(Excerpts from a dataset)
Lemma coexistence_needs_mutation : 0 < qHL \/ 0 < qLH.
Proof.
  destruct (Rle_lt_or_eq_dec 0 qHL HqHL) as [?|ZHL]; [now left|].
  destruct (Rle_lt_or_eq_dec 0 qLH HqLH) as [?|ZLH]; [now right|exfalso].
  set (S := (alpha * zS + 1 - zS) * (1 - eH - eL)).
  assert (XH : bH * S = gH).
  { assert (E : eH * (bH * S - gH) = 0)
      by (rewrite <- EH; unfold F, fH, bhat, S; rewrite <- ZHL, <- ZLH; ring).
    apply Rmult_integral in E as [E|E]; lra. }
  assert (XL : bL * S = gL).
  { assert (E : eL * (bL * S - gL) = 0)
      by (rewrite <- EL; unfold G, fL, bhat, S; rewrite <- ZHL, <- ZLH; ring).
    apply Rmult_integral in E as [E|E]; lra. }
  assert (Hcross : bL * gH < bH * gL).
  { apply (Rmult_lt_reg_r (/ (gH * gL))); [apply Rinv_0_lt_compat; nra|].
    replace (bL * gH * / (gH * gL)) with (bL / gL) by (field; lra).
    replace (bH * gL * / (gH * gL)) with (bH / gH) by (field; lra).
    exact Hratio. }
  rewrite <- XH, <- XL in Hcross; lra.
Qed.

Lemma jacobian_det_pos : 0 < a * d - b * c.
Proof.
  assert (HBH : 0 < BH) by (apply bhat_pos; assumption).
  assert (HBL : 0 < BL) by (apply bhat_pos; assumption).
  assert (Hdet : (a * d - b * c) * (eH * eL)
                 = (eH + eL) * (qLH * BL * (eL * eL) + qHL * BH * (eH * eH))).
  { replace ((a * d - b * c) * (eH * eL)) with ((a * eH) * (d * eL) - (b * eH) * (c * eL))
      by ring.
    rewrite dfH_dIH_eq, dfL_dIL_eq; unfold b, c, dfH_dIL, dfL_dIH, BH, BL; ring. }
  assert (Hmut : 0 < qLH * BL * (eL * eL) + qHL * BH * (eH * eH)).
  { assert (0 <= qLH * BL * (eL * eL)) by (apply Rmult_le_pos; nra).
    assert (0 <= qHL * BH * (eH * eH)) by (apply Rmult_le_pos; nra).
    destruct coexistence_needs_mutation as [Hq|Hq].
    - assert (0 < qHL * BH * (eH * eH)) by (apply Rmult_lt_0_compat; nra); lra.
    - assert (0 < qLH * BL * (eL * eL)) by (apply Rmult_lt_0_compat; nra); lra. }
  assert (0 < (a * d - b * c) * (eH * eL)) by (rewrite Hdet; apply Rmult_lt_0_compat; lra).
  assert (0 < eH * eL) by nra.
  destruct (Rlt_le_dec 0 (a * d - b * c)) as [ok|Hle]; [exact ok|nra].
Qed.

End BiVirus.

WHAT THE TASK ASKS: Retype the records above from the very first line down to the line with "eL)) by (apply Rmult_le_pos; nra).", keeping both of those lines. Include nothing beyond them.

OUTPUT:
Lemma coexistence_needs_mutation : 0 < qHL \/ 0 < qLH.
Proof.
  destruct (Rle_lt_or_eq_dec 0 qHL HqHL) as [?|ZHL]; [now left|].
  destruct (Rle_lt_or_eq_dec 0 qLH HqLH) as [?|ZLH]; [now right|exfalso].
  set (S := (alpha * zS + 1 - zS) * (1 - eH - eL)).
  assert (XH : bH * S = gH).
  { assert (E : eH * (bH * S - gH) = 0)
      by (rewrite <- EH; unfold F, fH, bhat, S; rewrite <- ZHL, <- ZLH; ring).
    apply Rmult_integral in E as [E|E]; lra. }
  assert (XL : bL * S = gL).
  { assert (E : eL * (bL * S - gL) = 0)
      by (rewrite <- EL; unfold G, fL, bhat, S; rewrite <- ZHL, <- ZLH; ring).
    apply Rmult_integral in E as [E|E]; lra. }
  assert (Hcross : bL * gH < bH * gL).
  { apply (Rmult_lt_reg_r (/ (gH * gL))); [apply Rinv_0_lt_compat; nra|].
    replace (bL * gH * / (gH * gL)) with (bL / gL) by (field; lra).
    replace (bH * gL * / (gH * gL)) with (bH / gH) by (field; lra).
    exact Hratio. }
  rewrite <- XH, <- XL in Hcross; lra.
Qed.

Lemma jacobian_det_pos : 0 < a * d - b * c.
Proof.
  assert (HBH : 0 < BH) by (apply bhat_pos; assumption).
  assert (HBL : 0 < BL) by (apply bhat_pos; assumption).
  assert (Hdet : (a * d - b * c) * (eH * eL)
                 = (eH + eL) * (qLH * BL * (eL * eL) + qHL * BH * (eH * eH))).
  { replace ((a * d - b * c) * (eH * eL)) with ((a * eH) * (d * eL) - (b * eH) * (c * eL))
      by ring.
    rewrite dfH_dIH_eq, dfL_dIL_eq; unfold b, c, dfH_dIL, dfL_dIH, BH, BL; ring. }
  assert (Hmut : 0 < qLH * BL * (eL * eL) + qHL * BH * (eH * eH)).
  { assert (0 <= qLH * BL * (eL * eL)) by (apply Rmult_le_pos; nra).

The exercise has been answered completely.